Material to process section start

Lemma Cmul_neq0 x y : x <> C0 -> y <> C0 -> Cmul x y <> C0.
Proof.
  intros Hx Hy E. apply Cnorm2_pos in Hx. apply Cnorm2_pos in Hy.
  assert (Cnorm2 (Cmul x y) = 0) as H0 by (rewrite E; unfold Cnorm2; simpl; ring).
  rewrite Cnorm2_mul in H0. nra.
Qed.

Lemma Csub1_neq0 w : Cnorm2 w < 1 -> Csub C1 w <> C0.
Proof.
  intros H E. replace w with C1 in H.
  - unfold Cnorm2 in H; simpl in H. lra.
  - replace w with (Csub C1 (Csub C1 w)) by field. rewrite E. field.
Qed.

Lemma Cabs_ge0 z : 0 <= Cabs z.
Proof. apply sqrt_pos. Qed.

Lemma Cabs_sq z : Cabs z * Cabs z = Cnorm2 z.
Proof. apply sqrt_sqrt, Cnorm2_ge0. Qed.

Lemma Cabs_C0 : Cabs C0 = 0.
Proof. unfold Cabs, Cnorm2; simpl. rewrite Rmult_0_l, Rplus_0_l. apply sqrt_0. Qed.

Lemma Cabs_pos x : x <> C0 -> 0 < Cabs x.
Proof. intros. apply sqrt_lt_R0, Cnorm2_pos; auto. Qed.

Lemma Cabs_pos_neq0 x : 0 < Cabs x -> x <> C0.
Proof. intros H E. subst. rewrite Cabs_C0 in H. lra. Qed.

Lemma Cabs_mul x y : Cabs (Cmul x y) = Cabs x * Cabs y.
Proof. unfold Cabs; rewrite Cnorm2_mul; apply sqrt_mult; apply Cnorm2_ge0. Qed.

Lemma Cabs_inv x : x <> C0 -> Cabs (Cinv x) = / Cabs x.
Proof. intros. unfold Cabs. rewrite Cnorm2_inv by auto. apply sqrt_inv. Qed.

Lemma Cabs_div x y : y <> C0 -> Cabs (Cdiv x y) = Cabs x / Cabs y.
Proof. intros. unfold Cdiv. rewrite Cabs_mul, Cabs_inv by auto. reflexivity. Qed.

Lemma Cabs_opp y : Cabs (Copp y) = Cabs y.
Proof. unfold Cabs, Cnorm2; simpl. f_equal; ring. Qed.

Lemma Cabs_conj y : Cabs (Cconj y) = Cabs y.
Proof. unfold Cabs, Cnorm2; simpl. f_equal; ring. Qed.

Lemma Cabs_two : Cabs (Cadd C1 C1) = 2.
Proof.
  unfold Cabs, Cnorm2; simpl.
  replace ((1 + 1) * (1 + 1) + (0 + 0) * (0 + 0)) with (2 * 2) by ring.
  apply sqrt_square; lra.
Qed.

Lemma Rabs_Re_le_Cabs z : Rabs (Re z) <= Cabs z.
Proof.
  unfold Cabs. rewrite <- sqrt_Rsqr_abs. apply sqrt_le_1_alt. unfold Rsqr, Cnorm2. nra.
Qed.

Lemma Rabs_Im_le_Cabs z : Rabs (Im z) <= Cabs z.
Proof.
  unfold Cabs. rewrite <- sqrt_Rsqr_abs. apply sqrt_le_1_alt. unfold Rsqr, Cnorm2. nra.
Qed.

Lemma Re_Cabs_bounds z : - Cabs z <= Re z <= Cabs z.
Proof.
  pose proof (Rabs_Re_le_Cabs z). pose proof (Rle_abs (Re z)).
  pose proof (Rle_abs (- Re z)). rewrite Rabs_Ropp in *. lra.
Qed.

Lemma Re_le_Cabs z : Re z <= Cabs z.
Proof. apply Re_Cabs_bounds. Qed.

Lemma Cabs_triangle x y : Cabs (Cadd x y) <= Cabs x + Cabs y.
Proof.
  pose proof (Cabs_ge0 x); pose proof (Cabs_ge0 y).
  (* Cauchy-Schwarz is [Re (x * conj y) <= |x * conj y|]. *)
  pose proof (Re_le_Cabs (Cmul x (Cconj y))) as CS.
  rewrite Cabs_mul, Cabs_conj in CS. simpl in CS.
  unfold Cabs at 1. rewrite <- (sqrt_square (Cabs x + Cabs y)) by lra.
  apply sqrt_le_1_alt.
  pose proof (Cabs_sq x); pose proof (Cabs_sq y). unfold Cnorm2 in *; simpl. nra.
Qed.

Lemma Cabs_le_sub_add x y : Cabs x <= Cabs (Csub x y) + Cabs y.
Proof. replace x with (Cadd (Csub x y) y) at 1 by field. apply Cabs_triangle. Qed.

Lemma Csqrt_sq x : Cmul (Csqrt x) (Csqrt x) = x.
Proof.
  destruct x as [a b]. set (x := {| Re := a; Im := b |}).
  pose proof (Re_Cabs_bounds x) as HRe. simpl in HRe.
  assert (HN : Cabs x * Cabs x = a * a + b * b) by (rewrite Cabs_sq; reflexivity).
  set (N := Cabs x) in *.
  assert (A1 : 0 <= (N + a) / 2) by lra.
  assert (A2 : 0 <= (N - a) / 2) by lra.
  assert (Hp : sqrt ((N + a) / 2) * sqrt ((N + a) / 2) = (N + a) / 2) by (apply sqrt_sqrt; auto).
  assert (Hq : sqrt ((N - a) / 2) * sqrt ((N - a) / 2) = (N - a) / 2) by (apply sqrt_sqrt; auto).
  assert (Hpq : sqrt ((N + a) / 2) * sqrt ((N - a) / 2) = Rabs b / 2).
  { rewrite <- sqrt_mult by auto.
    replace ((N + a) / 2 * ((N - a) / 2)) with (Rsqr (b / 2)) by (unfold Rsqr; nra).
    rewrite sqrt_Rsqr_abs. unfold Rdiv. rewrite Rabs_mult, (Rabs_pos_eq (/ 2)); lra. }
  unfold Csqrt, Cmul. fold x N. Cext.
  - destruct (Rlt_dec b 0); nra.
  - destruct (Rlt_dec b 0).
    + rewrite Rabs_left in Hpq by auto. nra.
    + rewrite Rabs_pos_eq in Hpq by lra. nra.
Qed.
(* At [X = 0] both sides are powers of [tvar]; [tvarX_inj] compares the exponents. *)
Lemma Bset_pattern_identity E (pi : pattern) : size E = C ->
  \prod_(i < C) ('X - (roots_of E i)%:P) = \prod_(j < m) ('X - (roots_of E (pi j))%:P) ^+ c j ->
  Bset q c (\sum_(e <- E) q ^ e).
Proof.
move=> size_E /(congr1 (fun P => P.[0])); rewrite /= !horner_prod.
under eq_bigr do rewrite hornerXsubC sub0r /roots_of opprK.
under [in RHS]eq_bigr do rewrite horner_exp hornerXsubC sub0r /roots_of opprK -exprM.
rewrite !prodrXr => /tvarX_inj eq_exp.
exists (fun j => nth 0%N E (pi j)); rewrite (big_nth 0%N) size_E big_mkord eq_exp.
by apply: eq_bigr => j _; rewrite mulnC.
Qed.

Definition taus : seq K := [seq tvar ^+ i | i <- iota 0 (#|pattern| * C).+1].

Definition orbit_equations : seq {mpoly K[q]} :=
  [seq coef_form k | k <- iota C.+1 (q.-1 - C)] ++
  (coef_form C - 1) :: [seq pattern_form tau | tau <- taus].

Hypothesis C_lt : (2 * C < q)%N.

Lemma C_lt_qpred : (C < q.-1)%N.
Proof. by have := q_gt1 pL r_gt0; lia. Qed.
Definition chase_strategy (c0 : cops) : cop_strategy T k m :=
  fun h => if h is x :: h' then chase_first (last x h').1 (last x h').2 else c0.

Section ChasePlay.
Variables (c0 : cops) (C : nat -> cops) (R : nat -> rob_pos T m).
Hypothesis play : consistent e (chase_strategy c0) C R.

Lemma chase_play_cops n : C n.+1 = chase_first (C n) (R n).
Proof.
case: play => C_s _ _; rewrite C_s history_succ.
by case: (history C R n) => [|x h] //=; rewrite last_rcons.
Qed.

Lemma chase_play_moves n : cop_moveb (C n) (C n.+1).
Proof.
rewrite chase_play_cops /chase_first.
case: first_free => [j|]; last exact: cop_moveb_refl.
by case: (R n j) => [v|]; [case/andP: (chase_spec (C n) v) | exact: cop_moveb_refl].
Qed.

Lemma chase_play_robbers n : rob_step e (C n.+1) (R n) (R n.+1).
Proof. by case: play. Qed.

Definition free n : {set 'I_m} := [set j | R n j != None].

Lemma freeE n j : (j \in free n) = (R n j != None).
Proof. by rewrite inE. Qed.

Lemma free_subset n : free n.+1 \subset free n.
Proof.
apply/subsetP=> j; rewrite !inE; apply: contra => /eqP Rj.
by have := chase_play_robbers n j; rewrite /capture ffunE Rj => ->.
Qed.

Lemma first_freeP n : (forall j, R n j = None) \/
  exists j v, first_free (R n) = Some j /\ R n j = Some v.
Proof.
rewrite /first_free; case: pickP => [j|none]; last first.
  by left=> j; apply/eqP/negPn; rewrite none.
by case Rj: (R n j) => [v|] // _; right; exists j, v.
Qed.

Material to process section end

What you have to do: Retype the records above exactly, from their first line through the line that contains "Lemma Cabs_ge0 z : 0 <= Cabs z.", and stop there.

Answer to this exercise:
Lemma Cmul_neq0 x y : x <> C0 -> y <> C0 -> Cmul x y <> C0.
Proof.
  intros Hx Hy E. apply Cnorm2_pos in Hx. apply Cnorm2_pos in Hy.
  assert (Cnorm2 (Cmul x y) = 0) as H0 by (rewrite E; unfold Cnorm2; simpl; ring).
  rewrite Cnorm2_mul in H0. nra.
Qed.

Lemma Csub1_neq0 w : Cnorm2 w < 1 -> Csub C1 w <> C0.
Proof.
  intros H E. replace w with C1 in H.
  - unfold Cnorm2 in H; simpl in H. lra.
  - replace w with (Csub C1 (Csub C1 w)) by field. rewrite E. field.
Qed.

Lemma Cabs_ge0 z : 0 <= Cabs z.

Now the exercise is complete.